• **Activity**: In the material below, find the line containing "suff : (fun" and the line containing "have -> : (fun", then reproduce exactly both of them and every line between, and nothing else.

··· Provided records ···

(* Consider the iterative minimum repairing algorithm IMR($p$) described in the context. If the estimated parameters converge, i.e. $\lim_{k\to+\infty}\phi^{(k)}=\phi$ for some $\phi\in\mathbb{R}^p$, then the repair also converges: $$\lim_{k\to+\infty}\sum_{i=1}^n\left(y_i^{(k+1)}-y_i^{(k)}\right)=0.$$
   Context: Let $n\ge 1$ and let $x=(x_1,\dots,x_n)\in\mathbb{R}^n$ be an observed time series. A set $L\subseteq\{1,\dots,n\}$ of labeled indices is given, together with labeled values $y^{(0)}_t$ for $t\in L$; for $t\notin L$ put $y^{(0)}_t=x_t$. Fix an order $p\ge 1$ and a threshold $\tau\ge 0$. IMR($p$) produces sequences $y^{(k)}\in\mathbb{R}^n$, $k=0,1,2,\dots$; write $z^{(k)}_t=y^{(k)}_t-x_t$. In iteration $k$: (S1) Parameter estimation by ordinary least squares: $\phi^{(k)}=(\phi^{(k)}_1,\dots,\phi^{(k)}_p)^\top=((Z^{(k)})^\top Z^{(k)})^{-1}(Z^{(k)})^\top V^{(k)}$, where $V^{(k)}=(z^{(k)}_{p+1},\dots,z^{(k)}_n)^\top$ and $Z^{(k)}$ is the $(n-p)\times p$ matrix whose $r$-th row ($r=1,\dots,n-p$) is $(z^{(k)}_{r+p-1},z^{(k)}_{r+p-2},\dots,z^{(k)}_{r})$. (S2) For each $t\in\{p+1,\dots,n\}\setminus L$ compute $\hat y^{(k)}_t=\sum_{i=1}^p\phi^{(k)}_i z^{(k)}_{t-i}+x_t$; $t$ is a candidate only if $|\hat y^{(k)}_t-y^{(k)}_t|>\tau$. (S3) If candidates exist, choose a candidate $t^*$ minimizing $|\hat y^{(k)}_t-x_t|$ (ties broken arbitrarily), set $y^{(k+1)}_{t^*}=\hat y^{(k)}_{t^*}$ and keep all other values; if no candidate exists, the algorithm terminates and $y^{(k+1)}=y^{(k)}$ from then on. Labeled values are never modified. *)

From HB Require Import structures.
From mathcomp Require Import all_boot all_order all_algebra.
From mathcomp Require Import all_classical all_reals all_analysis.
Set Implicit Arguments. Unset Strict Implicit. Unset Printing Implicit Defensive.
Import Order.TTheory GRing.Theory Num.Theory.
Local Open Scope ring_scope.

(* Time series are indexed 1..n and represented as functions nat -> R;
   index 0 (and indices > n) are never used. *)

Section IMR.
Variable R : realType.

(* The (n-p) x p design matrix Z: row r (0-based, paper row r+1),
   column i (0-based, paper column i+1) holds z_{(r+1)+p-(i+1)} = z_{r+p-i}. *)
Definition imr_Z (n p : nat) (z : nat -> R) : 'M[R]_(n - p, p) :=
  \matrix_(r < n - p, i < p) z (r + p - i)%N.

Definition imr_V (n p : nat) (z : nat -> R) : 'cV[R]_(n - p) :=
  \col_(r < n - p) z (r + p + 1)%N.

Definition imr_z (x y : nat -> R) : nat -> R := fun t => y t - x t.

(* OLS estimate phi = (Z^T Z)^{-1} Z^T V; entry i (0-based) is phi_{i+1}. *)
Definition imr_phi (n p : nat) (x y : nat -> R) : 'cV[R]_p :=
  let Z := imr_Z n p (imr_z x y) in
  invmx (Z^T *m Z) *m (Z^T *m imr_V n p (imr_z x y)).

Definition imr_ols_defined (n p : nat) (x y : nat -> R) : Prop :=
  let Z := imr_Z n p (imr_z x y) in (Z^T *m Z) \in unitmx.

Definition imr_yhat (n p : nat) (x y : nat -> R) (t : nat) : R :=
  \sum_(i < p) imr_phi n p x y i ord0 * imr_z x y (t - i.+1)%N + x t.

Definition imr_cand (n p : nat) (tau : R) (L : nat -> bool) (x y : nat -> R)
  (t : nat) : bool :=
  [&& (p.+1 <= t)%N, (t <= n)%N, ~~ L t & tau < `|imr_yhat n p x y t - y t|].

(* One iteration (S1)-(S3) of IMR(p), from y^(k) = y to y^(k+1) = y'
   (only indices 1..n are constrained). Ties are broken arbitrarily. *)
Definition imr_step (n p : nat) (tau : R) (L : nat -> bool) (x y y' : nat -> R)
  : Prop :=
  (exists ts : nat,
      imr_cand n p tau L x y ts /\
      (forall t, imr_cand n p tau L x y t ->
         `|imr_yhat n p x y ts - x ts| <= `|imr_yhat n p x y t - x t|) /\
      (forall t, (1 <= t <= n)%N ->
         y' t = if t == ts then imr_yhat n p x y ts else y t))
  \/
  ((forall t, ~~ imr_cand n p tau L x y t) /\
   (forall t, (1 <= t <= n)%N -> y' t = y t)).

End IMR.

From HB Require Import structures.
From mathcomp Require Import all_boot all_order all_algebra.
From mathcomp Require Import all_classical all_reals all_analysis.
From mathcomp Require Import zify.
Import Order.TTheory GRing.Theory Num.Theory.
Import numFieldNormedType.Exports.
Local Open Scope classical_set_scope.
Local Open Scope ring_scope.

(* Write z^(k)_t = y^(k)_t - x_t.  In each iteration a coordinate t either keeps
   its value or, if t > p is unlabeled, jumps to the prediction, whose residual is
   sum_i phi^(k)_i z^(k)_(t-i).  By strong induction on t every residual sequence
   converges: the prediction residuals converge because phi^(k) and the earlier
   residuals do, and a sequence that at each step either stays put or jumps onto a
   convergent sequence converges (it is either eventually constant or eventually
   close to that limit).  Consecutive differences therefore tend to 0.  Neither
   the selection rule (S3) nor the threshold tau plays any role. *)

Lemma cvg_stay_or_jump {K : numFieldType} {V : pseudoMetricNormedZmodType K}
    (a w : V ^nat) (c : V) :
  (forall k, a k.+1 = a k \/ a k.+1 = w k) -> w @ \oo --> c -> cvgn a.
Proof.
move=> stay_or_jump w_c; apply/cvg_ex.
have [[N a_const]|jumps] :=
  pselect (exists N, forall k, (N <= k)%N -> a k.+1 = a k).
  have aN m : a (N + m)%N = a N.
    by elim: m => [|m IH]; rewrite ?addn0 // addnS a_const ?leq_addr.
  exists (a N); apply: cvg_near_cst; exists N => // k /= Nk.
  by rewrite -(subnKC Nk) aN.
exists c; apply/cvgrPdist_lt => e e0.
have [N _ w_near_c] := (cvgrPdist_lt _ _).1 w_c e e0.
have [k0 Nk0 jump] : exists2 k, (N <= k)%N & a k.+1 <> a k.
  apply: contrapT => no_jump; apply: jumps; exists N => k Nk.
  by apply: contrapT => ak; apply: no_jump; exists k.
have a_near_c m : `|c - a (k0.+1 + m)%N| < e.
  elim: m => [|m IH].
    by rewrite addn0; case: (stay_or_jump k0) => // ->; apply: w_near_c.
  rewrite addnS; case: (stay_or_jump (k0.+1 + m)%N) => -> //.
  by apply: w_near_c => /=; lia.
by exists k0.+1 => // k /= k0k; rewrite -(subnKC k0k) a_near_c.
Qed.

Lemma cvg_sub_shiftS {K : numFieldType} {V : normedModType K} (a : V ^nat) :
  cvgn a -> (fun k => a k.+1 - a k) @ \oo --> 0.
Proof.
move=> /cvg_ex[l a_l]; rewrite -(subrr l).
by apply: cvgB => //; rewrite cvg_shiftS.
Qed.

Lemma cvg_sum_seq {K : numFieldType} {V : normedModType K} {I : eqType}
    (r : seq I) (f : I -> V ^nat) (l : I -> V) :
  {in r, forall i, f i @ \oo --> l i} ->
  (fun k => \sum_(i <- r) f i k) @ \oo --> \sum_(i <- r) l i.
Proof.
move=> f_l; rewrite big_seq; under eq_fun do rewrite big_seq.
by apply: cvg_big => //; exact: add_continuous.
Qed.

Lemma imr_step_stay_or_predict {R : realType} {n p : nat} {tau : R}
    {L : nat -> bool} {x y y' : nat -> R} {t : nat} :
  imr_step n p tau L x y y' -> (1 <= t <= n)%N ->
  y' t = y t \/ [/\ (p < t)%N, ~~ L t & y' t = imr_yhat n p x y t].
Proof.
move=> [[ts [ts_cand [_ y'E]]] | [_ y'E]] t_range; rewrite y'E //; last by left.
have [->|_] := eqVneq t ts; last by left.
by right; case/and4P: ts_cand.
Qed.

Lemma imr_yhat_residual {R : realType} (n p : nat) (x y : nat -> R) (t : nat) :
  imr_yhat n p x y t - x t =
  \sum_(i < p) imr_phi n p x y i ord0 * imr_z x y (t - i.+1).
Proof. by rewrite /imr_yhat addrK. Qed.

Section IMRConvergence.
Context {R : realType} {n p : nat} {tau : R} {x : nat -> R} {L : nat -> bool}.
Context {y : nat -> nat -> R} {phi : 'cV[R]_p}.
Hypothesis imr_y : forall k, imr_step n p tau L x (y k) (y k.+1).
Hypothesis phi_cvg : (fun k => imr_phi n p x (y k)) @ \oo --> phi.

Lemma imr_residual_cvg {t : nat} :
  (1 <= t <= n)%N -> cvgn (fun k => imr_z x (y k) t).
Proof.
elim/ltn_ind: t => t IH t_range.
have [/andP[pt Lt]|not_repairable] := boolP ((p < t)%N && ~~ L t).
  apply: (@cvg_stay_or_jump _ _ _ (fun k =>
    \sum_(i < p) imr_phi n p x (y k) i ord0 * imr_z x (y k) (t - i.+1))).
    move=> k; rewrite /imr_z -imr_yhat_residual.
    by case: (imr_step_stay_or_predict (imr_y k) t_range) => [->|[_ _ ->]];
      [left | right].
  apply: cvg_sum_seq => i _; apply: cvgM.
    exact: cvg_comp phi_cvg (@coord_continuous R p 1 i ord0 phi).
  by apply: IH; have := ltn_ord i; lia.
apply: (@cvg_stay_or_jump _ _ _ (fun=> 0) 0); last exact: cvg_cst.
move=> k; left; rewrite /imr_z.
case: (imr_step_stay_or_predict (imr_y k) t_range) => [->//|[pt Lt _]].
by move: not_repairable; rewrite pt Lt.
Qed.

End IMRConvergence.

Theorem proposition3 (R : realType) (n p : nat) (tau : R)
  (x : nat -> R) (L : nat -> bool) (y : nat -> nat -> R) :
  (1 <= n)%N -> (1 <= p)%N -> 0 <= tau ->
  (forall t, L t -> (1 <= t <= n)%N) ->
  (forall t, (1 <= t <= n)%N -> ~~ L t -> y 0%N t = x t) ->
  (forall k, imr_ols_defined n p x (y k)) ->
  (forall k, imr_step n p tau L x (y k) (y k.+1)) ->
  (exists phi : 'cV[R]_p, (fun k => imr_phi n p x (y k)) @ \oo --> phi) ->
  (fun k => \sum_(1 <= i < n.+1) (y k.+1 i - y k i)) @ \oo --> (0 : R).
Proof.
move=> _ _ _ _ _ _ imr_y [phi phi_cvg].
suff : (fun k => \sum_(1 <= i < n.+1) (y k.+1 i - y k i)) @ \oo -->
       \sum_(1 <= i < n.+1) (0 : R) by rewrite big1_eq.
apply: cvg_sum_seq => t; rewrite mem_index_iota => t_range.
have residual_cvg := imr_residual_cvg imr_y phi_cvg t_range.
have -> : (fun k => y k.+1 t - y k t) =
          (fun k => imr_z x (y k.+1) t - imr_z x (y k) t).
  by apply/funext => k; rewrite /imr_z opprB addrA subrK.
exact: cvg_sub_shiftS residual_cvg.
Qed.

···

• **Task solution**:
suff : (fun k => \sum_(1 <= i < n.+1) (y k.+1 i - y k i)) @ \oo -->
       \sum_(1 <= i < n.+1) (0 : R) by rewrite big1_eq.
apply: cvg_sum_seq => t; rewrite mem_index_iota => t_range.
have residual_cvg := imr_residual_cvg imr_y phi_cvg t_range.
have -> : (fun k => y k.+1 t - y k t) =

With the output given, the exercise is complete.